# migration report



## tombuddy_90 (Aug 5, 2004)

hey i was just wondering when the canadians and snows will be around iowa?
i have only herd 1 flock and that was going over at night. there are about 400 in a lake by me but can't hunt around it when will be some new geese be in iowa or around?

thanks


----------



## Ryan_Todd (Apr 11, 2004)

you'll just have to wait until the cold weather gets here. i've heard of a few lessors moving into ND.


----------



## nodakoutdoors.com (Feb 27, 2002)

Lessers are finally showing up in good numbers. The birds in the area we hunted yesterday just showed up Saturday morning.
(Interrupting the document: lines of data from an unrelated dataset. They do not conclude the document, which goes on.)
(* Consider the adoption–opinion model described in the context and suppose Assumption 1 (stated in the context) holds. If $s(0),a(0),d(0)\in[0,1]^n$ and $s(0)+a(0)+d(0)=\mathbf 1$, then $s(t),a(t),d(t)\in[0,1]^n$ and $s(t)+a(t)+d(t)=\mathbf 1$ for all $t\ge 0$. Moreover, if $x(0)\in[0,1]^n$, then $x(t)\in[0,1]^n$ for all $t\ge0$.
   Context: Let $n\ge1$ and $\mathcal V=\{1,\dots,n\}$ (communities). Let $W,\tilde W\in\mathbb R_+^{n\times n}$ be nonnegative matrices (physical and social interaction matrices). For each $i\in\mathcal V$ let $\beta_i,\gamma_i,\theta_i,\delta_i\in[0,1]$ and $\alpha_i,\lambda_i,\xi_i\ge0$ with $\alpha_i+\lambda_i+\xi_i=1$. The adoption–opinion model is the discrete-time system ($t\in\mathbb Z_+$), for all $i\in\mathcal V$: $s_i(t+1)=s_i(t)-\beta_i x_i(t)s_i(t)\sum_{j}W_{ij}a_j(t)+\gamma_i x_i(t)d_i(t)-\theta_i(1-x_i(t))s_i(t)$, $a_i(t+1)=a_i(t)+\beta_i x_i(t)s_i(t)\sum_{j}W_{ij}a_j(t)-\delta_i a_i(t)$, $d_i(t+1)=d_i(t)-\gamma_i x_i(t)d_i(t)+\theta_i(1-x_i(t))s_i(t)+\delta_i a_i(t)$, $x_i(t+1)=\alpha_i x_i(0)+\lambda_i\sum_j\tilde W_{ij}x_j(t)+\xi_i\sum_jW_{ij}a_j(t)$. Here $s_i,a_i,d_i$ are the fractions of susceptible, adopter and dissatisfied individuals in community $i$ and $x_i$ its opinion. Assumption 1: $W$ and $\tilde W$ are both row-stochastic and irreducible, and $\gamma_i+\theta_i\in(0,1)$ for all $i\in\mathcal V$. $\mathbf 1$ denotes the all-ones vector. *)

From mathcomp Require Import all_boot all_order all_algebra.
Set Implicit Arguments. Unset Strict Implicit. Unset Printing Implicit Defensive.
Import Order.TTheory GRing.Theory Num.Theory.
Local Open Scope ring_scope.

Definition nonneg_mx (R : numDomainType) n (W : 'M[R]_n) : Prop :=
  forall i j, 0 <= W i j.

Definition row_stochastic (R : numDomainType) n (W : 'M[R]_n) : Prop :=
  nonneg_mx W /\ forall i, \sum_j W i j = 1.

Definition irreducible_mx (R : numDomainType) n (W : 'M[R]_n) : Prop :=
  forall i j : 'I_n, connect (fun k l => 0 < W k l) i j.

Definition in01 (R : numDomainType) (v : R) : Prop := 0 <= v <= 1.

Definition adoption_opinion_model (R : numDomainType) n
    (W Wt : 'M[R]_n) (beta gamma theta delta alpha lambda xi : 'I_n -> R)
    (s a d x : nat -> 'I_n -> R) : Prop :=
  forall (t : nat) (i : 'I_n),
    [/\ s t.+1 i = s t i - beta i * x t i * s t i * (\sum_j W i j * a t j)
                   + gamma i * x t i * d t i - theta i * (1 - x t i) * s t i,
        a t.+1 i = a t i + beta i * x t i * s t i * (\sum_j W i j * a t j)
                   - delta i * a t i,
        d t.+1 i = d t i - gamma i * x t i * d t i
                   + theta i * (1 - x t i) * s t i + delta i * a t i
      & x t.+1 i = alpha i * x 0%N i + lambda i * (\sum_j Wt i j * x t j)
                   + xi i * (\sum_j W i j * a t j)].

From mathcomp Require Import all_boot all_order all_algebra.
From mathcomp Require Import ring lra.
Set Implicit Arguments. Unset Strict Implicit. Unset Printing Implicit Defensive.
Import Order.TTheory GRing.Theory Num.Theory.
Local Open Scope ring_scope.

(** Each
    compartment update rewrites as a nonnegative combination, e.g.
    s' = s (1 - b x y - th (1 - x)) + g x d, and the updates only move mass
    between compartments, so s + a + d is conserved.  The adoption pressure y
    and the new opinion are convex combinations of values in [0,1], because W
    and Wt are row-stochastic and alpha + lambda + xi = 1. *)

Lemma row_stochastic_sum_in01 (R : numDomainType) n (W : 'M[R]_n)
    (v : 'I_n -> R) i :
  row_stochastic W -> (forall j, in01 (v j)) -> in01 (\sum_j W i j * v j).
Proof.
move=> [W_ge0 W_sum1] v01; apply/andP; split.
  by apply: sumr_ge0 => j _; rewrite mulr_ge0 //; case/andP: (v01 j).
rewrite -(W_sum1 i); apply: ler_sum => j _.
by rewrite ler_piMr //; case/andP: (v01 j).
Qed.

Lemma convex3_in01 (R : realDomainType) (p q r u v w : R) :
  0 <= p -> 0 <= q -> 0 <= r -> p + q + r = 1 ->
  in01 u -> in01 v -> in01 w -> in01 (p * u + q * v + r * w).
Proof.
move=> p0 q0 r0 pqr /andP[u0 u1] /andP[v0 v1] /andP[w0 w1].
apply/andP; split; first by rewrite !addr_ge0 ?mulr_ge0.
have pu : p * u <= p by rewrite ler_piMr.
have qv : q * v <= q by rewrite ler_piMr.
have rw : r * w <= r by rewrite ler_piMr.
lra.
Qed.

Lemma simplex3_in01 (R : realDomainType) (s a d : R) :
  0 <= s -> 0 <= a -> 0 <= d -> s + a + d = 1 ->
  [/\ in01 s, in01 a & in01 d].
Proof. by move=> *; split; apply/andP; split; lra. Qed.

Section CompartmentUpdate.

Variables (R : realDomainType) (b g th de s a d x y : R).
Hypotheses (b01 : in01 b) (g01 : in01 g) (th01 : in01 th) (de01 : in01 de).
Hypotheses (s_ge0 : 0 <= s) (a_ge0 : 0 <= a) (d_ge0 : 0 <= d).
Hypotheses (x01 : in01 x) (y01 : in01 y).

Lemma susceptible_update_ge0 :
  0 <= s - b * x * s * y + g * x * d - th * (1 - x) * s.
Proof.
case/andP: b01 => b0 b1; case/andP: g01 => g0 g1; case/andP: th01 => t0 t1.
case/andP: x01 => x0 x1; case/andP: y01 => y0 y1.
have bxy : b * x * y <= x by rewrite mulrAC ler_piMl ?mulr_ile1.
have tx : th * (1 - x) <= 1 - x by rewrite ler_piMl // subr_ge0.
have -> : s - b * x * s * y + g * x * d - th * (1 - x) * s =
    s * (1 - b * x * y - th * (1 - x)) + g * x * d by ring.
by rewrite addr_ge0 ?mulr_ge0 //; lra.
Qed.

Lemma adopter_update_ge0 : 0 <= a + b * x * s * y - de * a.
Proof.
case/andP: b01 => b0 _; case/andP: de01 => e0 e1.
case/andP: x01 => x0 _; case/andP: y01 => y0 _.
have -> : a + b * x * s * y - de * a = a * (1 - de) + b * x * s * y by ring.
by rewrite addr_ge0 ?mulr_ge0 ?subr_ge0.
Qed.

Lemma dissatisfied_update_ge0 :
  0 <= d - g * x * d + th * (1 - x) * s + de * a.
Proof.
case/andP: g01 => g0 g1; case/andP: th01 => t0 _; case/andP: de01 => e0 _.
case/andP: x01 => x0 x1.
have -> : d - g * x * d + th * (1 - x) * s + de * a =
    d * (1 - g * x) + th * (1 - x) * s + de * a by ring.
by rewrite !addr_ge0 ?mulr_ge0 ?subr_ge0 ?mulr_ile1.
Qed.

End CompartmentUpdate.

Lemma compartment_update_sum (R : comPzRingType) (b g th de s a d x y : R) :
  (s - b * x * s * y + g * x * d - th * (1 - x) * s)
  + (a + b * x * s * y - de * a)
  + (d - g * x * d + th * (1 - x) * s + de * a) = s + a + d.
Proof. by ring. Qed.

Section ModelStep.

Variables (R : realDomainType) (n : nat) (W Wt : 'M[R]_n).
Variables (beta gamma theta delta alpha lambda xi : 'I_n -> R).
Variables (s a d x : nat -> 'I_n -> R).
Hypotheses (W_stoch : row_stochastic W) (Wt_stoch : row_stochastic Wt).
Hypothesis rates01 : forall i,
  [/\ in01 (beta i), in01 (gamma i), in01 (theta i) & in01 (delta i)].
Hypothesis weights_convex : forall i,
  [/\ 0 <= alpha i, 0 <= lambda i, 0 <= xi i & alpha i + lambda i + xi i = 1].
Hypothesis model :
  adoption_opinion_model W Wt beta gamma theta delta alpha lambda xi s a d x.

Definition population_in_simplex t := forall i,
  [/\ in01 (s t i), in01 (a t i), in01 (d t i) & s t i + a t i + d t i = 1].

Definition opinion_in01 t := forall i, in01 (x t i).

Lemma population_step t :
  population_in_simplex t -> opinion_in01 t -> population_in_simplex t.+1.
Proof.
move=> pop_t op_t i.
have a01 j : in01 (a t j) by case: (pop_t j).
have y01 := row_stochastic_sum_in01 i W_stoch a01.
case: (model t i) => -> -> -> _.
case: (rates01 i) => b01 g01 th01 de01.
case: (pop_t i) => /andP[s0 _] /andP[a0 _] /andP[d0 _] sad1.
have := simplex3_in01 (susceptible_update_ge0 b01 g01 th01 s0 d0 (op_t i) y01)
  (adopter_update_ge0 b01 de01 s0 a0 (op_t i) y01)
  (dissatisfied_update_ge0 g01 th01 de01 s0 a0 d0 (op_t i)).
rewrite compartment_update_sum sad1 => /(_ erefl)[s'01 a'01 d'01].
by split; rewrite // compartment_update_sum.
Qed.

Lemma opinion_step t :
  opinion_in01 0 -> population_in_simplex t -> opinion_in01 t -> opinion_in01 t.+1.
Proof.
move=> op_0 pop_t op_t i.
have a01 j : in01 (a t j) by case: (pop_t j).
case: (model t i) => _ _ _ ->.
case: (weights_convex i) => al0 la0 xi0 sum1.
by apply: (convex3_in01 al0 la0 xi0 sum1 (op_0 i));
  apply: row_stochastic_sum_in01.
Qed.

Lemma model_invariant t :
  population_in_simplex 0 -> opinion_in01 0 -> population_in_simplex t /\ opinion_in01 t.
Proof.
move=> pop_0 op_0; elim: t => [|t [pop_t op_t]]; first by [].
by split; [apply: population_step | apply: opinion_step].
Qed.

End ModelStep.

Theorem proposition1 (R : realFieldType) (n : nat) (W Wt : 'M[R]_n)
  (beta gamma theta delta alpha lambda xi : 'I_n -> R)
  (s a d x : nat -> 'I_n -> R) :
  (0 < n)%N ->
  nonneg_mx W -> nonneg_mx Wt ->
  (forall i, [/\ in01 (beta i), in01 (gamma i), in01 (theta i) & in01 (delta i)]) ->
  (forall i, [/\ 0 <= alpha i, 0 <= lambda i, 0 <= xi i
                & alpha i + lambda i + xi i = 1]) ->
  (* Assumption 1 *)
  row_stochastic W -> row_stochastic Wt -> irreducible_mx W -> irreducible_mx Wt ->
  (forall i, 0 < gamma i + theta i < 1) ->
  adoption_opinion_model W Wt beta gamma theta delta alpha lambda xi s a d x ->
  (forall i, [/\ in01 (s 0%N i), in01 (a 0%N i), in01 (d 0%N i)
                & s 0%N i + a 0%N i + d 0%N i = 1]) ->
  (forall i, in01 (x 0%N i)) ->
  (forall t i, [/\ in01 (s t i), in01 (a t i), in01 (d t i)
                  & s t i + a t i + d t i = 1])
  /\
  (forall t i, in01 (x t i)).
Proof.
(* Irreducibility and 0 < gamma + theta < 1 matter only for the asymptotics;
   nonnegativity of W and Wt is part of row-stochasticity. *)
move=> _ _ _ rates01 weights HW HWt _ _ _ model pop_0 op_0.
have inv t := model_invariant HW HWt rates01 weights model t pop_0 op_0.
by split=> t; case: (inv t).
Qed.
The cold weather/strong north wind is speeding it up a bit.


----------



## smalls (Sep 9, 2003)

There weren't any "new" geese in my home area this weekend. The locals have been pounded pretty good and are very shy now. I watched a flock circle a roost last night for about 25 minutes before vetoing it and flying 3 miles to the next roost and circling there for another 25 minutes before they decided it was safe to land. Both roosts had a few geese on it and neither had been hunted this weekend to my knowledge.


----------



## 870 XPRS (Mar 12, 2003)

I saw a few flocks going south on friday morning, and saturday morning we shot a few lessers in the dekes.


----------



## 4eyesover (Sep 23, 2004)

Over the weekend, there were maqny groups of lessers showing up in north central north dakota. lots of fields with up to 2000+ in them. the local geese are getting harder to decoy but these first groups of lesser went in easy. p.s. greenhead gear is the only way to go!

4eyesover


----------



## Ryan_Todd (Apr 11, 2004)

i was out hunting this morning on the MN side and saw my first flock of snows of the falls season in mn. there were about 20 of them with only 3 whites, a couple lessors and the rest eagle heads. now if we could get some new ducks to move down.


----------



## BRYAN_REMER (Sep 24, 2003)

I shot my first two little canadas this weekend. We didn't see very many of them but we fooled them just as well as the big guys this weekend. It was a lot of fun seeing my brothers lab dragging a giant goose one trip and then almost fitting an entire Richardson's goose in his mouth on the next trip.


----------



## Stelz (Oct 5, 2004)

Punched a limit 3 days in a row last week here by Rochester. After each limit we just watched em pile in. If you don't know, we have tons on geese residing in roch. First day all giants second day all lessers third day all giants. 18 in total. great place to chase geese if you can get property not swallowed up by the guides


----------



## Labsroc01 (Mar 23, 2004)

We shot some lessers in our area over the weekend. They were all mixed in with the local giants. Have not seen much for ducks down yet.


----------



## duckslayer (Oct 30, 2003)

:sniper:


----------



## Remmi_&amp;_I (Dec 2, 2003)

Listen to Stelz, the good goose hunting is in MN !!!! Yep, nothing here in ND to hunt! :wink:


----------



## WARDEN247 (Sep 7, 2004)

Remmi, I understand you said that to be sacastic. But the fact is that MN goose hunting is not all that bad.. Just like everywhere else, all it take is a little scouting and you can be shooting birds on any given day.. Farmers in MN are more then willing to let you hunt. And most of them are greatful that you are taking birds off their fields.. As far as I can tell there is not that much pressure to find a good field as most MN people have not caught onto the idea of feeding field shoots..


----------



## bear04 (Oct 5, 2004)

I live in Southern Minnesota and we shot a couple tiny canadians this last weekend but thats it so far


----------



## Remmi_&amp;_I (Dec 2, 2003)

WARDEN247, I was giving you guys a little hell. I just think it is funny how so many MN hunters post asking for places to hunt and then someone states how good the hunting is in their area of MN. I drove from Minneapolis to Albertville (yes the outlet mall) 2 weekends ago and saw numerous flocks of geese flying around. Actually, I was shocked how many locals were there in that short 20 mile drive! I understand that ND is a great place to hunt and I do feel very fortunate to have it in my backyard!

Have a great one!

Remmi the Rooster Booster and I are gearing up for pheasants!!! I'm Out!


----------



## drjongy (Oct 13, 2003)

Upland is where it's at, baby!!!

:jammin: :run:


----------



## Remmi_&amp;_I (Dec 2, 2003)

OHHHHH YEAHHHHHHHHHHHHHHHH ! :bartime:


----------



## DJRooster (Nov 4, 2002)

If I see that "Banana" bouncing one more time on a post I am going to "......!"


----------